In a particularly chilling scene in Ann Packer's new novel, Bill and Penny Blair continue their decade-long battle over their 10-year-old son. The Blairs thought three children would be the perfect number, and James, their erratic and volatile fourth, has ruined everything.

"Don't you dare be so high and mighty with me," Penny shouts as they disagree over how to discipline James. Then she blurts out what she believes is true: "You didn't want him, either."

"The Children's Crusade" takes its name, not from the romanticized 13th-century child-led movement to expel Muslims from the Holy Land, but from the Blair children's desperately sad attempts to appease their distant mother. Packer, the author of "The Dive From Clausen's Pier," another mesmerizing and tragic drama, introduces us to a very unhappy family, circa mid-20th century, whose dynamics are ruled by Penny and, of course, James.
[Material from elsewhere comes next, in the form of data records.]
(* Let $f:[0,1]\to\mathbb{R}$ be continuous on $[0,1]$ and twice differentiable on $(0,1)$, and define $g(t)=f(\tfrac12+t)$ for $t\in[-\tfrac12,\tfrac12]$. Assume: (1) $g^{(2)}(t)>0$ for $-\tfrac12<t<0$, and $g^{(2)}(0)\ge 0$; (2) $g^{(2)}(t)\ge -g^{(2)}(-t)$ for $0<t<\tfrac12$; (3) $\lim_{t\to-1/2}\frac{1}{g^{(2)}(t)}=0$; (4) the function $t\mapsto \frac{1}{g^{(2)}(t)}$ is convex on $[-\tfrac12,0)$ (its value at $-\tfrac12$ being the limit $0$ from (3)). Then $f$ is simplex-convex.
   Context: A function $f:[0,1]\to\mathbb{R}$ is called simplex-convex if for every $n\ge 1$ the function $(p_1,\dots,p_n)\mapsto f(p_1)+\dots+f(p_n)$ is convex on the simplex $\mathrm{Sim}_n(1)=\{(p_1,\dots,p_n): p_i\ge 0,\ \sum_i p_i=1\}$. *)

From HB Require Import structures.
From mathcomp Require Import all_boot all_order all_algebra.
From mathcomp Require Import all_classical all_reals all_analysis.
Set Implicit Arguments. Unset Strict Implicit. Unset Printing Implicit Defensive.
Import Order.TTheory GRing.Theory Num.Theory.
Import numFieldNormedType.Exports.
Local Open Scope classical_set_scope.
Local Open Scope ring_scope.

Definition convex_on (R : realType) (I : set R) (h : R -> R) : Prop :=
  forall x y (l : R), I x -> I y -> 0 <= l <= 1 ->
    h (l * x + (1 - l) * y) <= l * h x + (1 - l) * h y.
The beleaguered and dour Penny discovers after James' birth that she's not cut out for motherhood. She's repelled by James, who has always sensed it. Her revulsion forces James' siblings, Robert, Rebecca and Ryan, to seek ways to mitigate the maternal deprivation that haunts them into adulthood. As Penny continues to close herself off, she moves from their home near San Francisco into a shed/art studio on their 3-acre property. Eventually, she moves farther away physically and emotionally.
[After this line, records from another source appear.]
(* Swapping one element of X for one outside X yields a basis; this uses
   that X is closed of rank r - 1 and that X minus a point is independent. *)
Lemma swap_X_basis x y : x \in X -> y \notin X -> y |: (X :\ x) \in B.
Proof.
move=> xX yX; case: (matB) => _ exch.
have [I /andP[iI IyX] cI] := rk_witness matB (y |: X).
have IB : I \in B.
  apply: indep_full => //; rewrite cI.
  case/andP: chX => /andP[_ _] /andP[/forallP/(_ y)]; rewrite inE yX /= rk_X.
  by lia.
have Xx : X :\ x \proper X by rewrite properD1.
have [Y YB XxY] : exists2 Y, Y \in B & X :\ x \subset Y.
  by case/existsP: (proper_X_indep Xx) => Y /andP[]; exists Y.
have [u uXx eY] := basis_add_one matB r_gt0 YB XxY (card_X_del xX).
have uX : u \notin X.
  apply: contra X_notin_B => uX.
  have ux : u = x by apply/eqP; apply: contraNT uXx => ux; rewrite in_setD1 ux.
  by rewrite -(setD1K xX) -{1}ux -eY.
have [<-|uy] := eqVneq u y; first by rewrite -eY.
have uD : u \in Y :\: I.
  by rewrite inE eY setU11 andbT; apply: contra uX => /(subsetP IyX); rewrite in_setU1 (negbTE uy).
have [z] := exch Y I YB IB u uD; rewrite inE => /andP[zY zI].
rewrite eY setU1K //; have [->//|zy] := eqVneq z y.
have zx : z = x.
  move: zY (subsetP IyX z zI); rewrite eY !inE (negbTE zy) /= negb_or => /andP[_].
  by case: eqVneq => // _ /= /negbTE ->.
by rewrite zx setD1K // (negbTE X_notin_B).
Qed.

Lemma cardIX_le S : S \in B -> #|S :&: X| <= r.-1.
Proof.
move=> SB; rewrite -rk_X; apply: indep_le_rk (subsetIr S X).
exact: indep_sub (basis_indep SB) (subsetIl S X).
Qed.

Lemma near_family_sub S : S \in near_family X -> S = X \/ S \in B.
Proof.
rewrite inE card_X => /andP[/eqP cS le].
have [eSX|ltSX] := eqVneq #|S :&: X| r.
  have SXX : S :&: X = X by apply/eqP; rewrite eqEcard subsetIr eSX card_X leqnn.
  by left; apply/eqP; rewrite eq_sym eqEcard -{1}SXX subsetIl cS card_X leqnn.
right; have cSX : #|S :&: X| = #|X|.-1.
  by have := subset_leq_card (subsetIr S X); rewrite card_X; lia.
have X_gt0 : 0 < #|X| by rewrite card_X.
have [u [v [uX vX ->]]] := swap_shape X_gt0 (etrans cS (esym card_X)) cSX.
exact: swap_X_basis.
Qed.

Lemma basis_in_near S : S \in B -> r.-1 <= #|S :&: X| -> S \in near_family X.
Proof. by move=> SB le; rewrite inE (basis_card matB SB) card_X eqxx le. Qed.

Lemma exchange_pair B0 : B0 \in B -> #|B0 :&: X| < r.-1 ->
  exists y z, [/\ y \in B0 :\: X, z \in X :\: B0,
                  y |: (X :\ z) \in B & z |: (B0 :\ y) \in B].
Proof.
move=> B0B far; case: (matB) => _ exch.
have cB0X : 1 < #|B0 :\: X| by rewrite cardsD (basis_card matB B0B); lia.
have /set0Pn[y0 y0D] : B0 :\: X != set0 by rewrite -card_gt0; lia.
have /set0Pn[y yD] : (B0 :\: X) :\ y0 != set0.
  by rewrite -card_gt0; have := cardsD1 y0 (B0 :\: X); rewrite y0D; lia.
have /set0Pn[x0 x0D] : X :\: B0 != set0.
  by rewrite -card_gt0 cardsD card_X setIC; lia.
move: y0D yD x0D; rewrite !inE => /andP[y0X y0B] /and3P[yy0 yX yB] /andP[x0B x0X].
have B2B := swap_X_basis x0X y0X.
have yD : y \in B0 :\: (y0 |: X :\ x0).
  by rewrite !inE yB (negbTE yy0) (negbTE yX) andbF.
have [z] := exch B0 _ B0B B2B y yD; rewrite !inE => /andP[zB0 zB2] C2B.
have zX : z \in X by move: zB2; case: eqVneq => [ez|_ /andP[]//]; rewrite ez y0B in zB0.
by exists y, z; rewrite !inE ?yB ?yX ?zX ?zB0; split => //; apply: swap_X_basis.
Qed.

(* If every basis meets X in at least r - 1 elements, then an independent set
   has at most one element outside X, whence rk E <= |X :&: E| + 1. *)
Lemma rk_near_bound : (forall S, S \in B -> r.-1 <= #|S :&: X|) ->
  forall E, rk B E <= #|X :&: E| + 1.
Proof.
move=> near E; apply: rk_le => I /existsP[S /andP[SB IS]] IE.
have out_le : #|I :\: X| <= 1.
  apply: leq_trans (subset_leq_card (setSD X IS)) _.
  by rewrite cardsD (basis_card matB SB); have := near S SB; lia.
have in_le : #|I :&: X| <= #|X :&: E| by rewrite setIC subset_leq_card ?setIS.
by rewrite -(cardsID X I); lia.
Qed.

(* The content of a good partition used here: it forces a basis far from X.
   Otherwise X :&: E1 and X :&: E2 are proper, hence independent, subsets of
   X, small enough for (P2) to make their union X independent. *)
Lemma good_partition_far_basis E1 E2 : good_partition B E1 E2 ->
  exists2 B0, B0 \in B & #|B0 :&: X| < r.-1.
Proof.
move=> [cover [disj [rk1 [rk2 [a1 [a2 [/andP[a1_gt0 a1_lt] /andP[a2_gt0 a2_lt] rk_sum indepP]]]]]]].
have [/existsP[B0 /andP[B0B far]]|/existsPn noFar] :=
  boolP [exists S, (S \in B) && (#|S :&: X| < r.-1)]; first by exists B0.
have near S : S \in B -> r.-1 <= #|S :&: X|.
  by move=> SB; move: (noFar S); rewrite SB -leqNgt.
have bound1 := rk_near_bound near E1; have bound2 := rk_near_bound near E2.
have split_X : (X :&: E1) :|: (X :&: E2) = X by rewrite -setIUr cover setIT.
have card_split : #|X :&: E1| + #|X :&: E2| = r.
  by rewrite -card_X -[in RHS]split_X cardsU -setIIr disj setI0 cards0 subn0.
have proper_part Ea Eb : Ea :&: Eb = set0 -> 0 < #|X :&: Eb| -> X :&: Ea \proper X.
  move=> Dab /card_gt0P[e]; rewrite inE => /andP[eX eEb].
  rewrite properEneq subsetIl andbT; apply/eqP => XEa.
  have eEa : e \in Ea by move: eX; rewrite -XEa inE => /andP[].
  by have := in_set0 e; rewrite -Dab inE eEa eEb.
have meet1 : 0 < #|X :&: E1| by rewrite -(ltn_add2r 1) (leq_trans rk1 bound1).
have meet2 : 0 < #|X :&: E2| by rewrite -(ltn_add2r 1) (leq_trans rk2 bound2).
have indep1 : indep B (X :&: E1) by apply/proper_X_indep/(proper_part _ _ disj).
have indep2 : indep B (X :&: E2).
  by apply/proper_X_indep/(proper_part E2 E1); rewrite // setIC.
exfalso; apply: (negP X_dep); rewrite -split_X; apply: indepP; rewrite ?subsetIr //.
- by move: card_split bound2 rk_sum a2_gt0; lia.
- by move: card_split bound1 rk_sum a1_gt0; lia.
Qed.
End CircuitHyperplane.

Import Order.TTheory GRing.Theory Num.Theory.
Local Open Scope ring_scope.

Section Polytope.
Variables (R : realFieldType) (n : nat).
Implicit Types (A : {set {set 'I_n}}) (S T : {set 'I_n}) (lam : {set 'I_n} -> R).
Implicit Types (x : point R n) (a : 'I_n -> R).

Definition convex_rep A lam x :=
  [/\ forall S, 0 <= lam S, \sum_(S in A) lam S = 1 &
      forall i, x i = \sum_(S in A) lam S * (i \in S)%:R].

Definition vertex S : point R n := fun i => (i \in S)%:R.

Definition lin a x := \sum_i a i * x i.

Lemma sum_delta A T (g : {set 'I_n} -> R) :
  T \in A -> \sum_(S in A) (S == T)%:R * g S = g T.
Proof.
move=> TA; rewrite (bigD1 T) //= eqxx mul1r big1 ?addr0 // => S /andP[_ /negbTE ->].
by rewrite mul0r.
Qed.

Lemma vertex_rep A T : T \in A -> convex_rep A (fun S => (S == T)%:R) (vertex T).
Proof.
move=> TA; split=> [S|| i]; first by case: (S == T).
  by rewrite -[RHS](sum_delta (fun=> 1) TA); apply: eq_bigr => S _; rewrite mulr1.
by rewrite sum_delta.
Qed.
Art becomes her passion, not her children, whom she, almost as an outsider, views as "a pack of kids led by a brilliant and demanding boy, complicated by a headstrong girl with no gift at all for the arts, softened and therefore confounded by a meek and dreamy boy, and finally overwhelmed by a miniature wild man."

Her art seems as odd as she is, from little people shaped out of wire with dollhouse-sized TV sets for heads to a collage that incorporates a child's beloved stuffed animal with nails pounded into it.

As adults, the Blair children must reconnect with their estranged mother when James pushes his siblings to sell the family home a few years after their saintly father dies. They'll need her approval, and that means one more showdown with the woman who rejected them.

Penny may be one of the coldest mothers to live inside the pages of a book, and Packer makes her fictional story, told through her children, feel as intimate as a memoir. She provokes readers, rattled by Penny, to consider the unique peculiarities of every family dynamic.

Carol Memmott's reviews also appear in the Washington Post and Chicago Tribune.